Task description | Retype, word for word, every line of the records below starting at the one that contains "[/\ nonneg_prices p, feasible_prices p & forall i, i" and ending at the one that contains "move=> [_ max]"; include both of those lines and nothing more.

Information given |
(* Let $N=[n]$, let $v:2^N\to\mathbb{R}_+$ be any monotone valuation with $v(\emptyset)=0$, and let $X$ be a maximal decision map for $v$. Then there exists a pure Nash equilibrium $p\in\mathbb{R}^n_+$ of the pricing game defined by $v$ and $X$ with $X(p)=N$.
   Context: Pricing game: $N=[n]$ is a set of services, service $i$ controlled by seller $i$. A buyer has valuation $v:2^N\to\mathbb{R}_+$, monotone ($v(S)\le v(T)$ for $S\subseteq T$) with $v(\emptyset)=0$. For $p\in\mathbb{R}^n_+$, $p(S)=\sum_{j\in S}p_j$ and $D(v;p)=\arg\max_{S\subseteq N}(v(S)-p(S))$. A decision map is $X:\mathbb{R}^n_+\to 2^N$ with $X(p)\in D(v;p)$ for all $p$; it is maximal if for every $p$ there is no $S'\in D(v;p)$ with $X(p)\subsetneq S'$. Seller $i$ chooses a price $p_i\in\mathbb{R}_+$ and has utility $u_i(p)=p_i\cdot\mathbf{1}\{i\in X(p)\}$. A pure Nash equilibrium is a $p$ such that $u_i(p)\ge u_i(p_i',p_{-i})$ for all $i$ and all $p_i'\in\mathbb{R}_+$. *)

From mathcomp Require Import all_boot all_order all_algebra.
From mathcomp Require Import reals.
Set Implicit Arguments. Unset Strict Implicit. Unset Printing Implicit Defensive.
Import Order.TTheory GRing.Theory Num.Theory.
Local Open Scope ring_scope.

Section Pricing.
Variables (R : realType) (n : nat).

Definition nonneg_prices (p : 'I_n -> R) : Prop := forall i, 0 <= p i.

Definition price_of (p : 'I_n -> R) (S : {set 'I_n}) : R := \sum_(j in S) p j.

Definition valuation (v : {set 'I_n} -> R) : Prop :=
  [/\ forall S : {set 'I_n}, 0 <= v S,
      forall S T : {set 'I_n}, S \subset T -> v S <= v T
    & v set0 = 0].

Definition in_demand (v : {set 'I_n} -> R) (p : 'I_n -> R) (S : {set 'I_n}) : Prop :=
  forall T : {set 'I_n}, v T - price_of p T <= v S - price_of p S.

Definition decision_map (v : {set 'I_n} -> R) (X : ('I_n -> R) -> {set 'I_n}) : Prop :=
  forall p, nonneg_prices p -> in_demand v p (X p).

Definition maximal_decision_map (v : {set 'I_n} -> R) (X : ('I_n -> R) -> {set 'I_n}) : Prop :=
  decision_map v X /\
  forall p, nonneg_prices p ->
    forall S' : {set 'I_n}, in_demand v p S' -> ~ (X p \proper S').

Definition upd_price (p : 'I_n -> R) (i : 'I_n) (q : R) : 'I_n -> R :=
  fun j => if j == i then q else p j.

Definition seller_utility (X : ('I_n -> R) -> {set 'I_n}) (p : 'I_n -> R) (i : 'I_n) : R :=
  if i \in X p then p i else 0.

Definition pure_NE (X : ('I_n -> R) -> {set 'I_n}) (p : 'I_n -> R) : Prop :=
  nonneg_prices p /\
  forall (i : 'I_n) (q : R), 0 <= q ->
    seller_utility X (upd_price p i q) i <= seller_utility X p i.

End Pricing.

(** Call prices [p] feasible when [p(U) <= v(N) - v(N \ U)] for every
    coalition [U]: these are exactly the prices at which the grand bundle [N]
    is demanded, so a maximal decision map selects [N].  Starting from zero
    prices, raise each seller's price as far as feasibility allows; afterwards
    every seller [i] lies in a tight coalition [U], i.e. [p(U) = v(N) - v(N \ U)].
    If [i] deviates upwards, the buyer is indifferent between [N \ U] and [N] at
    the old prices and [N \ U] does not contain [i], whereas any bundle
    containing [i] becomes strictly worse than [N]; hence [i] is dropped. *)

From mathcomp Require Import all_boot all_order all_algebra.
From mathcomp Require Import reals.
From mathcomp Require Import lra.
Set Implicit Arguments. Unset Strict Implicit. Unset Printing Implicit Defensive.
Import Order.TTheory GRing.Theory Num.Theory.
Local Open Scope ring_scope.

Section PriceOf.
Variables (R : realType) (n : nat).

Lemma price_of_upd (p : 'I_n -> R) (k : 'I_n) (x : R) (U : {set 'I_n}) :
  price_of (upd_price p k x) U =
  price_of p U + (if k \in U then x - p k else 0).
Proof.
rewrite /price_of; case: ifP => kU.
  rewrite (bigD1 k) //= (bigD1 k kU) /= /upd_price eqxx.
  rewrite (eq_bigr (fun j => p j)); last by move=> j /andP[_ /negPf ->].
  lra.
rewrite addr0; apply: eq_bigr => j jU; rewrite /upd_price.
by case: eqP => // E; rewrite -E jU in kU.
Qed.

Lemma price_ofT (p : 'I_n -> R) (U : {set 'I_n}) :
  price_of p [set: 'I_n] = price_of p U + price_of p (~: U).
Proof. by rewrite /price_of (big_setID U) /= setTI setTD. Qed.

Lemma price_of_le (p p' : 'I_n -> R) (U : {set 'I_n}) :
  (forall j, p j <= p' j) -> price_of p U <= price_of p' U.
Proof. by move=> le_pp'; apply: ler_sum => j _. Qed.

End PriceOf.

Section FeasiblePrices.
Variables (R : realType) (n : nat) (v : {set 'I_n} -> R).

Definition removal_loss (U : {set 'I_n}) : R := v [set: 'I_n] - v (~: U).

Definition feasible_prices (p : 'I_n -> R) : Prop :=
  forall U, price_of p U <= removal_loss U.

Definition tight_for (p : 'I_n -> R) (i : 'I_n) : Prop :=
  exists2 U : {set 'I_n}, i \in U & price_of p U = removal_loss U.

Lemma feasible_in_demand_setT (p : 'I_n -> R) :
  feasible_prices p -> in_demand v p [set: 'I_n].
Proof.
move=> feas T; have := feas (~: T).
rewrite /removal_loss setCK (price_ofT p T); lra.
Qed.

Lemma tight_utility_compl (p : 'I_n -> R) (U : {set 'I_n}) :
  price_of p U = removal_loss U ->
  v (~: U) - price_of p (~: U) = v [set: 'I_n] - price_of p [set: 'I_n].
Proof. by rewrite /removal_loss (price_ofT p U); lra. Qed.

Lemma tight_for_le (p p' : 'I_n -> R) (i : 'I_n) :
  (forall j, p j <= p' j) -> feasible_prices p' ->
  tight_for p i -> tight_for p' i.
Proof.
move=> le_pp' feas' [U iU tU]; exists U => //.
by apply/eqP; rewrite eq_le feas' -tU price_of_le.
Qed.

Hypothesis hv : valuation v.

Lemma removal_loss_ge0 (U : {set 'I_n}) : 0 <= removal_loss U.
Proof. by case: hv => _ mon _; rewrite subr_ge0 mon ?subsetT. Qed.

Lemma feasible_prices0 : feasible_prices (fun _ => 0).
Proof. by move=> U; rewrite /price_of big1 // removal_loss_ge0. Qed.

(* Raise [p k] by the least slack [removal_loss U - p(U)] over coalitions [U]
   containing [k]; a minimizing coalition becomes tight. *)
Lemma raise_price (p : 'I_n -> R) (k : 'I_n) :
  nonneg_prices p -> feasible_prices p ->
  exists p' : 'I_n -> R, [/\ nonneg_prices p', feasible_prices p',
    forall j, p j <= p' j & tight_for p' k].
Proof.
move=> p_ge0 feas.
pose slack U := removal_loss U - price_of p U.
have kT : k \in [set: 'I_n] by rewrite inE.
have [U0 kU0 minU0] := @arg_minP _ _ _ [set: 'I_n] (fun U => k \in U) slack kT.
have slack_ge0 : 0 <= slack U0 by rewrite subr_ge0.
exists (upd_price p k (p k + slack U0)); split.
- by move=> j; rewrite /upd_price; case: ifP => _; [exact: addr_ge0 | exact: p_ge0].
- move=> U; rewrite price_of_upd; case: ifP => kU; last by rewrite addr0.
  by have := minU0 U kU; rewrite /slack; lra.
- by move=> j; rewrite /upd_price; case: ifP => [/eqP -> | _]; rewrite ?lerDl.
- by exists U0; rewrite // price_of_upd kU0 /slack; lra.
Qed.

Lemma exists_tight_prices : exists p : 'I_n -> R,
  [/\ nonneg_prices p, feasible_prices p & forall i, tight_for p i].
Proof.
suff /(_ (enum 'I_n)) [p [p_ge0 feas tight]] : forall s : seq 'I_n, exists p : 'I_n -> R,
    [/\ nonneg_prices p, feasible_prices p & forall i, i \in s -> tight_for p i].
  by exists p; split=> // i; apply: tight; rewrite mem_enum.
elim=> [|k s [p [p_ge0 feas tight]]].
  by exists (fun _ => 0); split=> //; exact: feasible_prices0.
have [p' [p'_ge0 feas' le_pp' tight_k]] := raise_price k p_ge0 feas.
exists p'; split=> // i; rewrite inE => /predU1P[-> // | i_s].
exact: tight_for_le (tight i i_s).
Qed.

End FeasiblePrices.

Section Equilibrium.
Variables (R : realType) (n : nat) (v : {set 'I_n} -> R).
Variable X : ('I_n -> R) -> {set 'I_n}.

Lemma maximal_feasible_setT (p : 'I_n -> R) :
  maximal_decision_map v X -> nonneg_prices p -> feasible_prices v p ->
  X p = [set: 'I_n].
Proof.
move=> [_ max] p_ge0 feas; apply/eqP; apply: contraT => XpN.
by case: (max p p_ge0 _ (feasible_in_demand_setT feas)); rewrite properT.
Qed.

Lemma raised_price_dropped (p : 'I_n -> R) (i : 'I_n) (q : R) :
  decision_map v X -> nonneg_prices p -> feasible_prices v p ->
  tight_for v p i -> 0 <= q -> p i < q -> i \notin X (upd_price p i q).
Proof.
move=> dX p_ge0 feas [U iU tU] q_ge0 lt_pq; apply/negP => iS.
set S := X _ in iS.
have p'_ge0 : nonneg_prices (upd_price p i q).
  by move=> j; rewrite /upd_price; case: eqP.
have := dX _ p'_ge0 (~: U).
rewrite !price_of_upd iS inE iU /= addr0 -/S.
have := feasible_in_demand_setT feas S.
have := tight_utility_compl tU.
lra.
Qed.

End Equilibrium.

Theorem mainTheorem2 (R : realType) (n : nat)
    (v : {set 'I_n} -> R) (X : ('I_n -> R) -> {set 'I_n}) :
  valuation v -> maximal_decision_map v X ->
  exists p : 'I_n -> R, pure_NE X p /\ X p = [set: 'I_n].
Proof.
move=> hv hX.
have [p [p_ge0 feas tight]] := exists_tight_prices hv.
have XpN := maximal_feasible_setT hX p_ge0 feas.
exists p; split=> //; split=> // i q q_ge0.
rewrite /seller_utility XpN inE {2}/upd_price eqxx.
case: ifP => [iX | _]; last exact: p_ge0.
rewrite leNgt; apply/negP => lt_pq.
by rewrite (negPf (raised_price_dropped hX.1 p_ge0 feas (tight i) q_ge0 lt_pq)) in iX.
Qed.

Written solution |
    [/\ nonneg_prices p, feasible_prices p & forall i, i \in s -> tight_for p i].
  by exists p; split=> // i; apply: tight; rewrite mem_enum.
elim=> [|k s [p [p_ge0 feas tight]]].
  by exists (fun _ => 0); split=> //; exact: feasible_prices0.
have [p' [p'_ge0 feas' le_pp' tight_k]] := raise_price k p_ge0 feas.
exists p'; split=> // i; rewrite inE => /predU1P[-> // | i_s].
exact: tight_for_le (tight i i_s).
Qed.

End FeasiblePrices.

Section Equilibrium.
Variables (R : realType) (n : nat) (v : {set 'I_n} -> R).
Variable X : ('I_n -> R) -> {set 'I_n}.

Lemma maximal_feasible_setT (p : 'I_n -> R) :
  maximal_decision_map v X -> nonneg_prices p -> feasible_prices v p ->
  X p = [set: 'I_n].
Proof.
move=> [_ max] p_ge0 feas; apply/eqP; apply: contraT => XpN.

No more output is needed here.